[Study material Boundary: Start]

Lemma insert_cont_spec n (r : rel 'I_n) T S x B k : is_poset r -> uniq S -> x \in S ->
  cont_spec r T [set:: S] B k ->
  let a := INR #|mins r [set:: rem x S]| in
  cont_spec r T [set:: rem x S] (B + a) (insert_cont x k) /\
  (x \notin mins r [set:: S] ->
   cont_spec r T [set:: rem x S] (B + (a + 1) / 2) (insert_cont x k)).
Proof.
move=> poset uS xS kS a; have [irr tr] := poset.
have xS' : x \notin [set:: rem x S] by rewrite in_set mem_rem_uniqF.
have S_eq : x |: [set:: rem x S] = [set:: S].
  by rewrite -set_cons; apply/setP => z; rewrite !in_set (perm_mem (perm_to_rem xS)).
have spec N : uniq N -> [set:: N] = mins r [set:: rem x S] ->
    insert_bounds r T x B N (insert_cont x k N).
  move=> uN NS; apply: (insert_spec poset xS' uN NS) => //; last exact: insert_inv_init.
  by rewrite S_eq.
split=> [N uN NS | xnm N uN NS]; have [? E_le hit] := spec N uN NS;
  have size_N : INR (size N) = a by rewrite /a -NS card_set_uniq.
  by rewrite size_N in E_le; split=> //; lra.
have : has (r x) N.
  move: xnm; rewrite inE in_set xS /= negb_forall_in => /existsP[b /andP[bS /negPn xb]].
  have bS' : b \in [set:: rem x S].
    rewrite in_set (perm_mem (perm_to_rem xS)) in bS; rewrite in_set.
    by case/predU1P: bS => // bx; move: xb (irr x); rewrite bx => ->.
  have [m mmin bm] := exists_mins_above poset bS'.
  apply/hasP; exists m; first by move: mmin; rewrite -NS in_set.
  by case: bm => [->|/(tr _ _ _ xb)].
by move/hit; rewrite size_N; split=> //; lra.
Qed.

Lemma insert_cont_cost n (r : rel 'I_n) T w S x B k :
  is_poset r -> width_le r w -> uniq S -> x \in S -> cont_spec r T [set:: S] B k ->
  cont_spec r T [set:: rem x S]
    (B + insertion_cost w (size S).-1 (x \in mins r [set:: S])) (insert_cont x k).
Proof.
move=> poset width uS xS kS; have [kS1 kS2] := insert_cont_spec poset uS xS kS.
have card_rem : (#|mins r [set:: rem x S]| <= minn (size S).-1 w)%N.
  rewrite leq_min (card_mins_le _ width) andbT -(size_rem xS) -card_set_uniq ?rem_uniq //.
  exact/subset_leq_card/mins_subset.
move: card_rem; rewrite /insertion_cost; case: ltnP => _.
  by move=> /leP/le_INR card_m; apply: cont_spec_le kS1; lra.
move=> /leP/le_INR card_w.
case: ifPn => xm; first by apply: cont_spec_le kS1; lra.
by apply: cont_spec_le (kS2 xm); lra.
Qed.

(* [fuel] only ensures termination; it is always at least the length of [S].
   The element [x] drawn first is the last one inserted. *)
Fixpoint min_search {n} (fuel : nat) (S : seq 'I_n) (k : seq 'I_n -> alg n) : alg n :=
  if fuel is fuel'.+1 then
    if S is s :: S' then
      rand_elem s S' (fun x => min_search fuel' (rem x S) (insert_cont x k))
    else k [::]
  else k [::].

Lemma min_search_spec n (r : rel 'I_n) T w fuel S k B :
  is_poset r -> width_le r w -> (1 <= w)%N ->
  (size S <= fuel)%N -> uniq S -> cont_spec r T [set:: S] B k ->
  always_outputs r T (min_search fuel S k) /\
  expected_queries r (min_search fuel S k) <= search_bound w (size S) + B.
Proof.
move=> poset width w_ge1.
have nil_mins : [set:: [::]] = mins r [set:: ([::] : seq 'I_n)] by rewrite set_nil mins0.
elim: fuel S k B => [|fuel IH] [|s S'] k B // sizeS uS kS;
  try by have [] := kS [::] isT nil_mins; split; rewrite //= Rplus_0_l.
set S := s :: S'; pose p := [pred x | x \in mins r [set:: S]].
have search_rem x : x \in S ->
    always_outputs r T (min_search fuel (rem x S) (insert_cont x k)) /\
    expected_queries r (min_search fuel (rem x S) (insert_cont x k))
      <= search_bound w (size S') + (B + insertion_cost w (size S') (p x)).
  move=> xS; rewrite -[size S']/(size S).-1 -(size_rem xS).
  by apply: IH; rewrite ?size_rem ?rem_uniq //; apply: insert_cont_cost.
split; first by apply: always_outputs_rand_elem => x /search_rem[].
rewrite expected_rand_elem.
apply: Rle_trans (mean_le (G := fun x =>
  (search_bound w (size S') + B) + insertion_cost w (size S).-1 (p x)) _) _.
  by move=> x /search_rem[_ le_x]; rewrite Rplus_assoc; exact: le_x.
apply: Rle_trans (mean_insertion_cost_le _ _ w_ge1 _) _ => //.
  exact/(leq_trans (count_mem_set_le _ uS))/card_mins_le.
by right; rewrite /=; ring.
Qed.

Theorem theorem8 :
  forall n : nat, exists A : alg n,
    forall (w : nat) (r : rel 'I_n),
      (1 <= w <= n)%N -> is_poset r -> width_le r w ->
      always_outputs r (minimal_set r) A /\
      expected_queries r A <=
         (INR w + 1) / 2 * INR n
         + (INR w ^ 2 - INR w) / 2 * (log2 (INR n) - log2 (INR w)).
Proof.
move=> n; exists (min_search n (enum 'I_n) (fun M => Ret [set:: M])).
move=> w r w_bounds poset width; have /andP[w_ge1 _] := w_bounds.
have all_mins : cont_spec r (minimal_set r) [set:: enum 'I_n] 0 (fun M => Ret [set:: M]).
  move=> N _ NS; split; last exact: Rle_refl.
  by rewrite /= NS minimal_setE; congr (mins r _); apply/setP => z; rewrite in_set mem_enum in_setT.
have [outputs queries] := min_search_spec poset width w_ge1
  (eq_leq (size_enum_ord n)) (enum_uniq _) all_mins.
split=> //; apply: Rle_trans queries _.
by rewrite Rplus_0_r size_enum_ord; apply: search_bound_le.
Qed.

[Study material Boundary: End]
[Study material Boundary: Start]

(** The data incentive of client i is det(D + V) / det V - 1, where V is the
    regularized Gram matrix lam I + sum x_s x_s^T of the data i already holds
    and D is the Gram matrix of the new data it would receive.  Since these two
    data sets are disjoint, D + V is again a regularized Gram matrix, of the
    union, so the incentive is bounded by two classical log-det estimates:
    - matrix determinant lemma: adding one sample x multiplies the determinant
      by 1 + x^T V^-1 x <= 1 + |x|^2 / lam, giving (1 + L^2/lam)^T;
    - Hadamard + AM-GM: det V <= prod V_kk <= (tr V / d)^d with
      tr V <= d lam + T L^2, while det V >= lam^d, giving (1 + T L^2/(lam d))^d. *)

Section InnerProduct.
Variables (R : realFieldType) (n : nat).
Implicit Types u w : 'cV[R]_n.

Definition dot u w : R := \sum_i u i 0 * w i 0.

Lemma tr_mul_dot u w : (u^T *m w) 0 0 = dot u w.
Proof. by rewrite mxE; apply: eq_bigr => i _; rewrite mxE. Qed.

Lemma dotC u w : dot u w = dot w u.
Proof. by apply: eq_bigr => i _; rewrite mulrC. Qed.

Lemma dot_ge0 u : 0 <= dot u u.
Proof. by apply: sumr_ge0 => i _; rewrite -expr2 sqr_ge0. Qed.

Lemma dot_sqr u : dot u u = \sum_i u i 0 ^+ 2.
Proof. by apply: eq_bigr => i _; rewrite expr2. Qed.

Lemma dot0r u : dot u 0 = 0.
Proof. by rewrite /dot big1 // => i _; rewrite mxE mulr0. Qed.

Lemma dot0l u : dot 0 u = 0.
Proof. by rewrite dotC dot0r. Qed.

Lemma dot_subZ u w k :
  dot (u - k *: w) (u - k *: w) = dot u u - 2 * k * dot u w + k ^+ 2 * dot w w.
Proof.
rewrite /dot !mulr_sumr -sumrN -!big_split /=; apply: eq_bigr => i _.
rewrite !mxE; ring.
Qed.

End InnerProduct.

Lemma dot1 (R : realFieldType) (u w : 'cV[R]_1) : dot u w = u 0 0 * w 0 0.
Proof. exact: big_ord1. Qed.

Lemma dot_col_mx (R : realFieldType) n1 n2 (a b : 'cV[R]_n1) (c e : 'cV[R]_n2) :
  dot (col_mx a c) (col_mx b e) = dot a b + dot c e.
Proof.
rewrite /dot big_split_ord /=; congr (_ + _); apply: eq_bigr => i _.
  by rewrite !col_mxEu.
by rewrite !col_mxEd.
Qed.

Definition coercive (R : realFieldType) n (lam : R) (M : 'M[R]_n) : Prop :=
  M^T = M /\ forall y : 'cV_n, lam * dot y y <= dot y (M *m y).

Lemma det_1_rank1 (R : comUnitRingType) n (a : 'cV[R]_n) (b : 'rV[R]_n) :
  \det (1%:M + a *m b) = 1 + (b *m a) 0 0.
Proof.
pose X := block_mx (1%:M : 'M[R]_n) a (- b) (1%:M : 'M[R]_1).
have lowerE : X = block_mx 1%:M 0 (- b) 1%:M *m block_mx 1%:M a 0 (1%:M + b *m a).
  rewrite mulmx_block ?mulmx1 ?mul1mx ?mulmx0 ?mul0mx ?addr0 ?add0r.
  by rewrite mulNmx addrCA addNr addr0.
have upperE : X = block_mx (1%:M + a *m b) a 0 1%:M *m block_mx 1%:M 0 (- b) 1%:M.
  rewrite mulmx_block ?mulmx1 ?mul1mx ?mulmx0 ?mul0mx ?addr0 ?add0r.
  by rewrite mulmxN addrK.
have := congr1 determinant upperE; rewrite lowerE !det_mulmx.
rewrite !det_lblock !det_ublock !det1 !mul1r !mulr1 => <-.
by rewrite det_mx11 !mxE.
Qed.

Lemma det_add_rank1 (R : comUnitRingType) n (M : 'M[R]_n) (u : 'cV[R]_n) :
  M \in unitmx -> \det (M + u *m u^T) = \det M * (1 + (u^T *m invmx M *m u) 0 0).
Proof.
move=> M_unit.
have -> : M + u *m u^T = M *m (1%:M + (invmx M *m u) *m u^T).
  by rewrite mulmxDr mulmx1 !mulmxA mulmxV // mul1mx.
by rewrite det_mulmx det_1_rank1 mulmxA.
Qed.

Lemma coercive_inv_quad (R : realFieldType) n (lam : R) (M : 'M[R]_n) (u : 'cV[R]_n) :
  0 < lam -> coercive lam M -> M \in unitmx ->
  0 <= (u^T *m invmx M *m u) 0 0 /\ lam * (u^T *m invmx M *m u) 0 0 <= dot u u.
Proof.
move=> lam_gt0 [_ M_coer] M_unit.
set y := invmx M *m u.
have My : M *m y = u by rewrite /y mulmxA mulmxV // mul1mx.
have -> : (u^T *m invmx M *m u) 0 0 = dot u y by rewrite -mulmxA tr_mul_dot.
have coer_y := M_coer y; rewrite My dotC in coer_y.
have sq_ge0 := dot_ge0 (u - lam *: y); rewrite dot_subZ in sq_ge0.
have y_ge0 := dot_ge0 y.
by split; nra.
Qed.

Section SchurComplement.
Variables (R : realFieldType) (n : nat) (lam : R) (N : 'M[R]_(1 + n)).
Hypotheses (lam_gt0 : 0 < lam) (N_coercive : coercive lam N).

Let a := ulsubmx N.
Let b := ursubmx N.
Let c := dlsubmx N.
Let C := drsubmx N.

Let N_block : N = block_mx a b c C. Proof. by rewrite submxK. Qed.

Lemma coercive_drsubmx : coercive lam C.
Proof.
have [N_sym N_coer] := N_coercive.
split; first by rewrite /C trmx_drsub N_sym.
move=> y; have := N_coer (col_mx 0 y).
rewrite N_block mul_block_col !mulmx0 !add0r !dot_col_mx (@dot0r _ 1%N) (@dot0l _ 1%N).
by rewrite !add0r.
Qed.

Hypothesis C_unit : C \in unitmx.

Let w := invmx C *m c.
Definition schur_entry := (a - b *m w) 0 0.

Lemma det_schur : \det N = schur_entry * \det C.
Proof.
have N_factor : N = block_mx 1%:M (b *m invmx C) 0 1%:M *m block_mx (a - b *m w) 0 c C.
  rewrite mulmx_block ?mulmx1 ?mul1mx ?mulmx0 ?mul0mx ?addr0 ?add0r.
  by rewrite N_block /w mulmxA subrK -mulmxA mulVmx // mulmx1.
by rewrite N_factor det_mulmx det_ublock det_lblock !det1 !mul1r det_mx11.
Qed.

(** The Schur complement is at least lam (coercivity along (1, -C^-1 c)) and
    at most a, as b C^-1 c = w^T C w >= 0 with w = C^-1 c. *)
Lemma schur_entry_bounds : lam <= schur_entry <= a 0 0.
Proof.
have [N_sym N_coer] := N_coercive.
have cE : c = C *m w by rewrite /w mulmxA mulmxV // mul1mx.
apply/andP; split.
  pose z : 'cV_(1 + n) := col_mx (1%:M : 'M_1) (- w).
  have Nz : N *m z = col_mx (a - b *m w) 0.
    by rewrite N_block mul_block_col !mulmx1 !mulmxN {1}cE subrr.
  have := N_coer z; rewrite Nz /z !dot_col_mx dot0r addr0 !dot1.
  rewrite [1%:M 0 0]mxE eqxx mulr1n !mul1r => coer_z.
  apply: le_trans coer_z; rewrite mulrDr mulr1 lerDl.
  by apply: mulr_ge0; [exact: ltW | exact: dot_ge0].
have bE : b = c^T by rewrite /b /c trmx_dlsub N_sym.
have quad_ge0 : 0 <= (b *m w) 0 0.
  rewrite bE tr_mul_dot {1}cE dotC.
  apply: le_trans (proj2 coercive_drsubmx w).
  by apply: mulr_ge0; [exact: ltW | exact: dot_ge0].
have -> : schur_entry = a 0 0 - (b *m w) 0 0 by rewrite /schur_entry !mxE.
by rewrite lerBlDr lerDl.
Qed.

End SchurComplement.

[Study material Boundary: End]

Assignment:
Return word for word the lines above from the line with "and D is the" to the line with "Implicit Types u w : 'cV[R]_n.", including both and leaving out all others.

Expected answer:
    and D is the Gram matrix of the new data it would receive.  Since these two
    data sets are disjoint, D + V is again a regularized Gram matrix, of the
    union, so the incentive is bounded by two classical log-det estimates:
    - matrix determinant lemma: adding one sample x multiplies the determinant
      by 1 + x^T V^-1 x <= 1 + |x|^2 / lam, giving (1 + L^2/lam)^T;
    - Hadamard + AM-GM: det V <= prod V_kk <= (tr V / d)^d with
      tr V <= d lam + T L^2, while det V >= lam^d, giving (1 + T L^2/(lam d))^d. *)

Section InnerProduct.
Variables (R : realFieldType) (n : nat).
Implicit Types u w : 'cV[R]_n.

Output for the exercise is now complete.